"""

Lemma rodrigues_energy_le (l : nat) (xi : R) : (0 < l)%nat -> -1 <= xi <= 1 ->
  Derive_n (rodrigues l) l xi ^ 2
  + (1 - xi ^ 2) * Derive_n (rodrigues l) (S l) xi ^ 2 / (INR l * (INR l + 1))
  <= (INR (fact l) * 2 ^ l) ^ 2.
Proof.
  intros Hl Hxi.
  set (D := INR l * (INR l + 1)).
  assert (HD : 0 < D) by (apply lt_0_INR in Hl; unfold D; nra).
  set (A n t := Derive_n (rodrigues l) n t).
  set (energy t := A l t ^ 2 + (1 - t ^ 2) * A (S l) t ^ 2 / D).
  assert (Hends : energy (-1) = (INR (fact l) * 2 ^ l) ^ 2 /\ energy 1 = (INR (fact l) * 2 ^ l) ^ 2).
  { unfold energy, A. rewrite Derive_n_rodrigues_m1, Derive_n_rodrigues_1.
    replace (-2) with (-1 * 2) by ring.
    rewrite !Rpow_mult_distr, <- (pow_mult (-1)), Nat.mul_comm, pow_mult.
    replace ((-1) ^ 2) with 1 by ring. rewrite pow1.
    split; unfold Rdiv; ring. }
  change (energy xi <= (INR (fact l) * 2 ^ l) ^ 2).
  replace ((INR (fact l) * 2 ^ l) ^ 2) with (Rmax (energy (-1)) (energy 1))
    by (destruct Hends as [-> ->]; apply Rmax_left, Rle_refl).
  apply le_Rmax_ends_of_is_derive with (g := fun t => 2 * A (S l) t ^ 2 / D); [| | exact Hxi].
  - intros t. apply (is_derive_legendre_energy (A l) (A (S l)) (A (S (S l)))); [lra | | | apply rodrigues_ode, Hl];
      apply Derive_correct, smooth_rodrigues.
  - intros t. apply Rmult_le_pos; [nra | apply Rlt_le, Rinv_0_lt_compat, HD].
Qed.

Lemma Rabs_le_of_pow2_le (y B : R) : 0 <= B -> y ^ 2 <= B ^ 2 -> Rabs y <= B.
Proof.
  intros HB Hy. rewrite <- (Rabs_pos_eq B HB).
  apply Rsqr_le_abs_0. rewrite !Rsqr_pow2. exact Hy.
Qed.

Lemma Legendre0_rodrigues (l : nat) (xi : R) :
  Legendre0 l xi = Derive_n (rodrigues l) l xi / (INR (fact l) * 2 ^ l).
Proof. unfold Legendre0, Rdiv. rewrite Rmult_comm, (Rmult_comm (INR (fact l))). reflexivity. Qed.
(* Let $\xi^{(1)},\dots,\xi^{(N)}\in\mathbb{R}^D$, $\epsilon\in(0,1)$, and let $\alpha$, $\mathrm{SV}$, $\mathrm{BSV}\neq\emptyset$, $W$, $\gamma$ and the polyhedron $$\mathcal{U}=\Big\{\xi\in\mathbb{R}^D\ \Big|\ \exists\,\upsilon_n\in\mathbb{R}^D\ (n\in\mathrm{SV})\ \text{s.t.}\ \sum_{n\in\mathrm{SV}}\alpha_n\upsilon_n^\intercal\mathbf{1}\le\gamma,\ \ -\upsilon_n\le W(\xi-\xi^{(n)})\le\upsilon_n\ \ \forall n\in\mathrm{SV}\Big\}$$ be as described in the context. Let $y\in\mathbb{R}^p$, $H\in\mathbb{R}^{p\times D}$ and $\beta\in\mathbb{R}$. Then the robust constraint $$\max_{\xi\in\mathcal{U}}\ (H\xi)^\intercal y\le\beta$$ holds if and only if there exist $\pi\ge0$ and $\mu_n,\rho_n\in\mathbb{R}^D_{\ge0}$ for $n\in\mathrm{SV}$ such that $$\sum_{n\in\mathrm{SV}}(\mu_n-\rho_n)^\intercal W\xi^{(n)}+\pi\gamma\le\beta,\qquad \sum_{n\in\mathrm{SV}}W(\rho_n-\mu_n)+H^\intercal y=0,\qquad \rho_n+\mu_n=\pi\alpha_n\mathbf 1\ \ \forall n\in\mathrm{SV}.$$ (These are linear constraints in $(y,\beta,\pi,\mu,\rho)$ when $\beta$ is affine in $y$.)
   Context: Let $\Sigma$ be the (positive definite) covariance matrix of the samples and $W=\Sigma^{-1/2}$ (symmetric). For $d=1,\dots,D$ let $l_d=\xi_{d,\max}-\xi_{d,\min}$ (upper minus lower bound of the uncertainty in coordinate $d$). Kernel: $K(\xi^{1},\xi^{2})=\sum_{d=1}^D l_d-\Vert W(\xi^{1}-\xi^{2})\Vert_1$, with feature map $\phi$ into a Hilbert space satisfying $\phi(a)^\intercal\phi(b)=K(a,b)$. One-class support vector clustering solves $$\min_{R,o,\omega}\ R^2+\frac{1}{N\epsilon}\sum_{n=1}^N\omega_n\quad\text{s.t.}\quad \Vert\phi(\xi^{(n)})-o\Vert^2\le R^2+\omega_n,\ \ \omega_n\ge0,\ \ n=1,\dots,N.$$ Let $(R,o,\omega)$ be optimal with multipliers $\alpha,\beta'\in\mathbb{R}^N_{\ge0}$ satisfying the KKT conditions $\mathbf 1^\intercal\alpha=1$, $o=\sum_n\alpha_n\phi(\xi^{(n)})$, $\alpha+\beta'=\frac{1}{N\epsilon}\mathbf 1$, $\omega_n\beta'_n=0$, $\alpha_n(R^2+\omega_n-\Vert\phi(\xi^{(n)})-o\Vert^2)=0$. Let $\mathrm{SV}=\{n:\alpha_n>0\}$, $\mathrm{BSV}=\{n:0<\alpha_n<1/(N\epsilon)\}$, and for any $k\in\mathrm{BSV}$ let $\gamma=\sum_{n\in\mathrm{SV}}\alpha_n\Vert W(\xi^{(k)}-\xi^{(n)})\Vert_1$. Vector inequalities are componentwise and $\mathbf 1$ is the all-ones vector. *)

From mathcomp Require Import all_boot all_order all_algebra.
Set Implicit Arguments. Unset Strict Implicit. Unset Printing Implicit Defensive.
Import Order.TTheory GRing.Theory Num.Theory.
Local Open Scope ring_scope.

Section Defs.
Variable R : realFieldType.

Definition vle (D : nat) (u v : 'cV[R]_D) : Prop := forall i, u i 0 <= v i 0.

Definition ones (D : nat) : 'cV[R]_D := const_mx 1.

Definition l1norm (D : nat) (v : 'cV[R]_D) : R := \sum_i `|v i 0|.

Definition smean (N D : nat) (xi : 'I_N -> 'cV[R]_D) : 'cV[R]_D :=
  N%:R^-1 *: \sum_n xi n.
Definition scov (N D : nat) (xi : 'I_N -> 'cV[R]_D) : 'M[R]_D :=
  N%:R^-1 *: \sum_n ((xi n - smean xi) *m (xi n - smean xi)^T).

Definition posdef (D : nat) (A : 'M[R]_D) : Prop :=
  forall x : 'cV[R]_D, x != 0 -> 0 < (x^T *m A *m x) 0 0.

"""

Would you please return all lines from the listing above that contain "assert"?

  assert (HD : 0 < D) by (apply lt_0_INR in Hl; unfold D; nra).
  assert (Hends : energy (-1) = (INR (fact l) * 2 ^ l) ^ 2 /\ energy 1 = (INR (fact l) * 2 ^ l) ^ 2).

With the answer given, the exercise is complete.